メロスは親友のセリヌンティウスとの友情と、命をかけて正義を訴える為に走ったが、スコフィールドは何の為に走ったのか…
戦友のブレイクの為もある。1600人の同胞たちの命を救うという使命感に燃えたから、というのも大きい。しかし一番の理由は、「そうせよと言われたから」である。
これは斜に構えて言っている訳でなく、それこそが憎むべき戦争の本性なのだと思う。

被占領地帯を強行突破せよ、などという非合理を合理に捻じ曲げてしまうのが戦争であり、悪を善にすり変えてしまうのが戦争である。いかに不合理で馬鹿げた命令であっても、兵士たちは忠実にそれを受け入れざるを得ないし、進んでそうしよう、そうすべきだ、と考えてしまうことも少なくない。

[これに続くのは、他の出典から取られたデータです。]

(* Let $C: f=0$ be a reduced plane curve of degree $d\geq 3$ in $\mathbb{P}^2$ of type $(d,r,m)$ with $m>3$, and suppose $\Delta m:=(2r-d+3)-m=3$. Then, with $\epsilon_1,\ldots,\epsilon_{m-2}$ as in the context, one of the following holds: (1) $\epsilon_{m-2}=4$, $\epsilon_j=1$ for $1\leq j\leq m-3$, and $\tau(C)=\frac{d(d-1)}{2}-6+r(d-r-2)$; (2) $\epsilon_{m-2}=3$, $\epsilon_{m-3}=2$, $\epsilon_j=1$ for $1\leq j\leq m-4$, and $\tau(C)=\frac{d(d-1)}{2}-4+r(d-r-2)$; (3) $\epsilon_{m-2}=\epsilon_{m-3}=\epsilon_{m-4}=2$, $\epsilon_j=1$ for $1\leq j\leq m-5$, and $\tau(C)=\frac{d(d-1)}{2}-3+r(d-r-2)$.
   Context: Let $S=\mathbb{C}[x,y,z]$, let $f\in S$ be a reduced homogeneous polynomial of degree $d\geq 3$ defining $C$, and assume $C$ is not a union of $d$ lines through one point. Let $J_f=(f_x,f_y,f_z)$ and $M(f)=S/J_f$. Let $D_0(f)=\{(a,b,c)\in S^3: af_x+bf_y+cf_z=0\}$. The curve is of type $(d,r,m)$ if $D_0(f)$ is minimally generated by $m$ homogeneous elements all of degree $r$. When $m\geq 3$, the minimal graded free resolution of $M(f)$ has the form $$0\to \bigoplus_{i=1}^{m-2}S(-e_i)\to \bigoplus_{j=1}^m S(1-d-r)\to S^3(1-d)\to S,$$ with $e_1\leq\cdots\leq e_{m-2}$, and one writes $e_j=d+r-1+\epsilon_j$ with integers $\epsilon_j\geq 1$. The total Tjurina number $\tau(C)$ is the degree of $J_f$, i.e. the sum of the Tjurina numbers of the singular points of $C$. *)

From HB Require Import structures.
From mathcomp Require Import all_boot all_algebra.
From mathcomp Require Import reals complex.
From mathcomp Require Import mpoly.

Unset Printing Implicit Defensive.

Import GRing.Theory.
Local Open Scope ring_scope.

(* Plane curves C : f = 0 with f in S = F[x,y,z] = {mpoly F[3]},
   variables x,y,z = 'X_0,'X_1,'X_2.  The theorem is stated for F = C,
   realized as R[i] for an arbitrary realType R. *)

Section CurveDefs.
Context {F : fieldType}.
Local Notation S := {mpoly F[3]}.

Definition reduced (f : S) : Prop :=
  f != 0 /\ forall g h : S, f = g * g * h -> (msize g <= 1)%N.

Definition lines_through_point (f : S) (d : nat) : Prop :=
  exists p : 'I_3 -> F, (exists t, p t != 0) /\
  exists l : 'I_d -> S,
    (forall i, l i \is 1.-homog) /\ (forall i, (l i).@[p] = 0) /\
    f = \prod_(i < d) l i.

Definition hom_vec {n : nat} (k : nat) (v : 'I_n -> S) : Prop :=
  forall t, v t \is k.-homog.

Definition in_submod {n k : nat} (g : 'I_k -> 'I_n -> S) (v : 'I_n -> S) :=
  exists h : 'I_k -> S, forall t, v t = \sum_(j < k) h j * g j t.
(* W<<x>>[x\u]  |->e  W<<u>>[x\u] *)
Inductive root_e : term -> term -> Prop :=
| Root_e : forall (w : wctx) (u : term),
    root_e (Es (plugW w (Var (wdepth w))) u)
           (Es (plugW w (lift (S (wdepth w)) u)) u).

(* t[x\S<v>]  |->gcv  S<t>   if x not in fv(t).
   Since index 0 is not free in t, [ren pred t] is t with x removed
   from its scope; it is then lifted over the binders of S. *)
Inductive root_gcv : term -> term -> Prop :=
| Root_gcv : forall (s : sctx) (t v : term),
    is_value v -> ~ occurs 0 t ->
    root_gcv (Es t (plugS s v)) (plugS s (lift (length s) (ren pred t))).

Definition wclosure (r : term -> term -> Prop) (t u : term) : Prop :=
  exists (w : wctx) (t0 u0 : term), r t0 u0 /\ t = plugW w t0 /\ u = plugW w u0.

Definition wm := wclosure root_m.
Definition we := wclosure root_e.
Definition wgcv := wclosure root_gcv.

(* A multi type [L_i]_i is represented by a list, taken up to permutation:
   every rule below is stated modulo permutation (Permutation), so that
   derivability does not depend on the chosen representative. *)
Inductive ltype : Type :=
| TN : ltype
| TArr : list ltype -> ltype -> ltype.

Definition mtype := list ltype.

(** Type contexts: index -> multi type (finite support for derivable
    judgements). *)
Definition ctx := nat -> mtype.
Definition ctx_eq (G D : ctx) : Prop := forall y, Permutation (G y) (D y).
Definition cempty : ctx := fun _ => [].
Definition csingle (x : nat) (L : ltype) : ctx :=
  fun y => if Nat.eqb y x then [L] else [].
Definition cunion (G D : ctx) : ctx := fun y => G y ++ D y.
(* Gamma \\ x for x the de Bruijn index 0 of the binder, re-indexed *)
Definition ctail (G : ctx) : ctx := fun y => G (S y).

(** Judgements [deriv G t m e s L]: there is a derivation of size s of
    G |-^(m,e) t : L; [mderiv] is the same for multi types (rule many,
    which is not counted in the size). *)
Inductive deriv : ctx -> term -> nat -> nat -> nat -> ltype -> Prop :=
| D_ax : forall G x L,
    ctx_eq G (csingle x L) ->
    deriv G (Var x) 0 1 1 L
| D_axlam : forall G t,
    ctx_eq G cempty ->
    deriv G (Lam t) 0 0 1 TN
| D_lam : forall G G' t m e s L M,
    deriv G t m e s L ->
    Permutation M (G 0) ->
    ctx_eq G' (ctail G) ->
    deriv G' (Lam t) m e (S s) (TArr M L)
| D_app : forall G D G' t u m e s m' e' s' M M' L,
    deriv G t m e s (TArr M L) ->
    mderiv D u m' e' s' M' ->
    Permutation M' (M ++ [TN]) ->
    ctx_eq G' (cunion G D) ->
    deriv G' (App t u) (m + m' + 1) (e + e') (s + s' + 1) L
| D_es : forall G D G' t u m e s m' e' s' M' L,
    deriv G t m e s L ->
    mderiv D u m' e' s' M' ->
    Permutation M' (G 0 ++ [TN]) ->
    ctx_eq G' (cunion (ctail G) D) ->
    deriv G' (Es t u) (m + m') (e + e') (s + s' + 1) L
with mderiv : ctx -> term -> nat -> nat -> nat -> mtype -> Prop :=
| M_nil : forall G t,
    ctx_eq G cempty ->
    mderiv G t 0 0 0 []
| M_cons : forall G G1 G2 t m1 e1 s1 m2 e2 s2 L M,
    deriv G1 t m1 e1 s1 L ->
    mderiv G2 t m2 e2 s2 M ->
    ctx_eq G (cunion G1 G2) ->
    mderiv G t (m1 + m2) (e1 + e2) (s1 + s2) (L :: M).

From Stdlib Require Import Arith List Permutation Lia.
Import ListNotations.
(* Let $\mathcal{M}$ be a possible-world model such that the modal accessibility relation $R_m$ is reflexive and transitive. If two terms $t$ and $u$ of type $A$ in context $\Gamma$ of $\mathrm{IS4}_C$ are equivalent, then the functions $[\![t]\!]$ and $[\![u]\!] : \forall w.\, [\![\Gamma]\!]_w \to [\![A]\!]_w$ as determined by $\mathcal{M}$ are equal.
   Context: A possible-world model is a frame $(W, R_i, R_m)$ ($R_i$ reflexive and transitive; factorization: $w \mathrel{R_m} v$, $v \mathrel{R_i} v'$ imply some $w'$ with $w \mathrel{R_i} w'$, $w' \mathrel{R_m} v'$) with a valuation $V_\iota$ monotone along $R_i$, subject to coherence conditions (category laws, functoriality of factorization in both arguments, associativity/unit laws for the reflexivity and transitivity proofs of $R_m$). Interpretation: $[\![\iota]\!]_w = V_{\iota,w}$, $[\![A\to B]\!]_w = \forall w'.\, w \mathrel{R_i} w' \to [\![A]\!]_{w'} \to [\![B]\!]_{w'}$, $[\![\Box A]\!]_w = \forall w'.\, w \mathrel{R_i} w' \to \forall v.\, w' \mathrel{R_m} v \to [\![A]\!]_v$, $[\![\cdot]\!]_w=\top$, $[\![\Gamma,A]\!]_w = [\![\Gamma]\!]_w\times[\![A]\!]_w$, $[\![\Gamma,\mathsf{lock}]\!]_w = \sum_u [\![\Gamma]\!]_u \times (u \mathrel{R_m} w)$, where $\mathsf{lock}$ is the context lock. $\mathrm{IS4}_C$: types $A ::= \iota \mid A\to B \mid \Box A$, contexts $\Gamma ::= \cdot \mid \Gamma,A \mid \Gamma,\mathsf{lock}$; $\Delta \mathrel{R}\Gamma$ iff $\Gamma$ extends $\Delta$ by any types and locks; terms of STLC plus $\mathsf{box}\,t:\Box A$ in $\Gamma$ from $t:A$ in $\Gamma,\mathsf{lock}$, and $\mathsf{unbox}(t,e):A$ in $\Gamma$ from $t:\Box A$ in $\Delta$ and $e:\Delta\mathrel{R}\Gamma$; equations: function $\beta,\eta$, $\mathsf{unbox}(\mathsf{box}\,t,e)\equiv t[(\mathrm{id},e)]$, and $t \equiv \mathsf{box}(\mathsf{unbox}(t,e_1))$ with $e_1:\Gamma\mathrel{R}\Gamma,\mathsf{lock}$ adding one lock. *)

From Stdlib Require Import FunctionalExtensionality ProofIrrelevance.


Inductive Ty : Type :=
| Base : Ty
| Arr : Ty -> Ty -> Ty
| Box : Ty -> Ty.

Inductive Ctx : Type :=
| Nil : Ctx
| Snoc : Ctx -> Ty -> Ctx
| Lock : Ctx -> Ctx.

(* de Bruijn variables: a variable never crosses a lock *)
Inductive Var : Ctx -> Ty -> Type :=
| ze : forall G A, Var (Snoc G A) A
| su : forall G A B, Var G A -> Var (Snoc G B) A.
Arguments ze {G A}.
Arguments su {G A B} x.

(* Ext D G  :  D R G, i.e. G extends D by any types and locks *)
Inductive Ext : Ctx -> Ctx -> Type :=
| ext_nil : forall G, Ext G G
| ext_snoc : forall D G A, Ext D G -> Ext D (Snoc G A)
| ext_lock : forall D G, Ext D G -> Ext D (Lock G).
Arguments ext_nil {G}.
Arguments ext_snoc {D G A} e.
Arguments ext_lock {D G} e.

第一次大戦でも第二次大戦でも、今なお起きている戦争でもみな同じように、戦争には母国と愛する者たちを守る為に忠実に命令に従い、死んでいった沢山の兵士たちがいる。スコフィールドが生きて任務を達成できたのはたまたまに過ぎない。彼は結果として英雄になっただけで、身体を引きちぎられて死んでいった多くの兵士たちと何ら違いはない。スコフィールドもまた、名もなき兵士のひとりに過ぎないのだ。この作品でスコフィールドがどんな人物であったかという余計な背景を一切描かないのはその為である。それは、この映画を見ている観客のひとりひとりもまた同じなのだというメッセージであるよう思う。この映画がワンカット的な技法を使っているのも、スコフィールドを通しての三人称視点が、いつのまにか一人称にスイッチする為の装置だからである。それは、すなわち「戦争を一人称で考えてくれ」というこの作品の強い反戦のメッセージなんだと思う。